Segment Open

Lemma circle_point_0 ci w1 w2 : circle_point ci w1 w2 0 = (fst ci + w1, snd ci + w2).
Proof. unfold circle_point; rewrite cos_0, sin_0; f_equal; ring. Qed.

Lemma continuity_circle_point ci w1 w2 :
  continuity (fun t => fst (circle_point ci w1 w2 t)) /\
  continuity (fun t => snd (circle_point ci w1 w2 t)).
Proof.
  assert (K : forall a x, continuity_pt (fun _ => a) x)
    by (intros; apply continuity_pt_const; intros ? ?; auto).
  unfold circle_point; cbn [fst snd]; split; intros x;
    repeat first [apply continuity_pt_minus | apply continuity_pt_plus | apply continuity_pt_mult
                 | apply K | apply continuity_cos | apply continuity_sin].
Qed.

Lemma cos_sin_surj C S : C^2 + S^2 = 1 -> exists th, cos th = C /\ sin th = S.
Proof.
  intros H.
  assert (HC : -1 <= C <= 1) by (pose proof (pow2_ge_0 S); split; nra).
  assert (Hs : sqrt (1 - C²) = Rabs S).
  { rewrite <- (sqrt_pow2 (Rabs S)) by apply Rabs_pos; f_equal.
    rewrite pow2_abs; unfold Rsqr; lra. }
  destruct (Rle_dec 0 S).
  - exists (acos C); rewrite cos_acos, sin_acos, Hs, Rabs_right by lra; auto.
  - exists (- acos C); rewrite cos_neg, sin_neg, cos_acos, sin_acos, Hs, Rabs_left by lra.
    split; [auto|ring].
Qed.

Lemma rotation_exists w1 w2 e1 e2 : 0 < w1^2 + w2^2 -> e1^2 + e2^2 = w1^2 + w2^2 ->
  exists th, w1 * cos th - w2 * sin th = e1 /\ w1 * sin th + w2 * cos th = e2.
Proof.
  intros HN He; set (N := w1^2 + w2^2) in *.
  destruct (cos_sin_surj ((w1 * e1 + w2 * e2) / N) ((w1 * e2 - w2 * e1) / N)) as [th [Hc Hs]].
  { transitivity ((w1^2 + w2^2) * (e1^2 + e2^2) / N^2); [field; lra|].
    rewrite He; fold N; field; lra. }
  exists th; rewrite Hc, Hs; split.
  - transitivity (e1 * (w1^2 + w2^2) / N); [field; lra|fold N; field; lra].
  - transitivity (e2 * (w1^2 + w2^2) / N); [field; lra|fold N; field; lra].
Qed.

Lemma disk_point_on_diameter ci x N : 0 < N -> sqdist x ci <= N ->
  exists e1 e2 s, e1^2 + e2^2 = N /\ 0 <= s <= 1 /\
    x = (s * (fst ci + e1) + (1 - s) * (fst ci - e1), s * (snd ci + e2) + (1 - s) * (snd ci - e2)).
Proof.
  intros HN Hx.
  pose proof (pdist_sqr x ci) as Hrho. pose proof (pdist_ge0 x ci) as rho0.
  set (rho := pdist x ci) in *.
  assert (HsN : sqrt N ^ 2 = N) by (apply pow2_sqrt; lra).
  assert (sN0 : 0 < sqrt N) by (apply sqrt_lt_R0; lra).
  assert (Hrs : rho <= sqrt N) by (apply Rsqr_incr_0_var; unfold Rsqr; nra).
  destruct (Req_dec rho 0) as [Hz|Hz].
  - apply pdist_eq0 in Hz; subst x.
    exists (sqrt N), 0, (1/2); repeat split; try lra.
    rewrite (surjective_pairing ci) at 1; f_equal; field.
  - set (k := sqrt N / rho).
    exists (k * (fst x - fst ci)), (k * (snd x - snd ci)), ((1 + rho / sqrt N) / 2).
    assert (Hq : 0 <= rho / sqrt N <= 1).
    { split; [apply Rle_mult_inv_pos; lra|].
      apply Rmult_le_reg_r with (sqrt N); auto; field_simplify; lra. }
    repeat split; try lra.
    + transitivity (k^2 * sqdist x ci); [unfold sqdist; ring|].
      rewrite <- Hrho; unfold k; field_simplify; [rewrite HsN; field|]; lra.
    + rewrite (surjective_pairing x) at 1; unfold k; f_equal; field; lra.
Qed.

Lemma disk_in_of_circle_in (ci z : pt) (w1 w2 Rz : R) : 0 < w1^2 + w2^2 ->
  (forall th, pdist (circle_point ci w1 w2 th) z <= Rz) ->
  forall x, sqdist x ci <= w1^2 + w2^2 -> pdist x z <= Rz.
Proof.
  intros HN Hcirc x Hx.
  destruct (disk_point_on_diameter ci x (w1^2 + w2^2) HN Hx) as [e1 [e2 [s [He [Hs Ex]]]]].
  destruct (rotation_exists w1 w2 e1 e2) as [th1 [A1 A2]]; auto.
  destruct (rotation_exists w1 w2 (- e1) (- e2)) as [th2 [B1 B2]]; [auto|lra|].
  pose proof (Hcirc th1) as H1. pose proof (Hcirc th2) as H2.
  unfold circle_point in H1, H2; rewrite A1, A2 in H1; rewrite B1, B2 in H2.
  pose proof (pdist_convex (fst ci + e1, snd ci + e2) (fst ci + - e1, snd ci + - e2) z s Hs) as Hc.
  cbn [fst snd] in Hc.
  replace (fst ci + - e1) with (fst ci - e1) in * by ring.
  replace (snd ci + - e2) with (snd ci - e2) in * by ring.
  rewrite <- Ex in Hc; nra.
Qed.

Lemma In_idx_pairs m i j : In (i, j) (idx_pairs m) <-> (i < m /\ j < m /\ i <> j)%nat.
Proof.
  unfold idx_pairs; rewrite in_flat_map; split.
  - intros [x [Hx Hin]]; apply in_map_iff in Hin; destruct Hin as [y [E Hy]].
    injection E as <- <-; apply filter_In in Hy; destruct Hy as [Hy Hb].
    apply in_seq in Hx, Hy; apply Bool.negb_true_iff, Nat.eqb_neq in Hb; lia.
  - intros (Hi & Hj & Hij); exists i; split; [apply in_seq; lia|].
    apply in_map_iff; exists j; split; auto; apply filter_In; split; [apply in_seq; lia|].
    apply Bool.negb_true_iff, Nat.eqb_neq; auto.
Qed.

Section Slack.
Variables (c : nat -> pt) (r : nat -> R) (lam : R).

Definition slack (L : list nat) (p : pt) : R :=
  lmin (map (fun k => lam * r k - pdist p (c k)) L).

Lemma slack_ge0 L p : (forall k, In k L -> pdist p (c k) <= lam * r k) -> 0 <= slack L p.
Proof.
  intros H; apply lmin_ge0; intros x Hx; apply in_map_iff in Hx.
  destruct Hx as [k [<- Hk]]; specialize (H k Hk); lra.
Qed.

Lemma slack_le L p k : In k L -> slack L p <= lam * r k - pdist p (c k).
Proof. intros Hk; apply lmin_le, (in_map (fun k => lam * r k - pdist p (c k))), Hk. Qed.

Lemma continuity_slack L (P : R -> pt) :
  continuity (fun t => fst (P t)) -> continuity (fun t => snd (P t)) ->
  continuity (fun t => slack L (P t)).
Proof.
  intros H1 H2; apply continuity_lmin_map; intros k x.
  apply continuity_pt_minus; [apply continuity_pt_const; intros ? ?; auto|].
  apply continuity_pdist; auto.
Qed.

Segment Closed

● Aim of the exercise: Set down, unchanged, only those lines above that fall between the line with "apply in_map_iff; exists" and the line with "Definition slack (L", the two end lines included.

● Answer:
    apply in_map_iff; exists j; split; auto; apply filter_In; split; [apply in_seq; lia|].
    apply Bool.negb_true_iff, Nat.eqb_neq; auto.
Qed.

Section Slack.
Variables (c : nat -> pt) (r : nat -> R) (lam : R).

Definition slack (L : list nat) (p : pt) : R :=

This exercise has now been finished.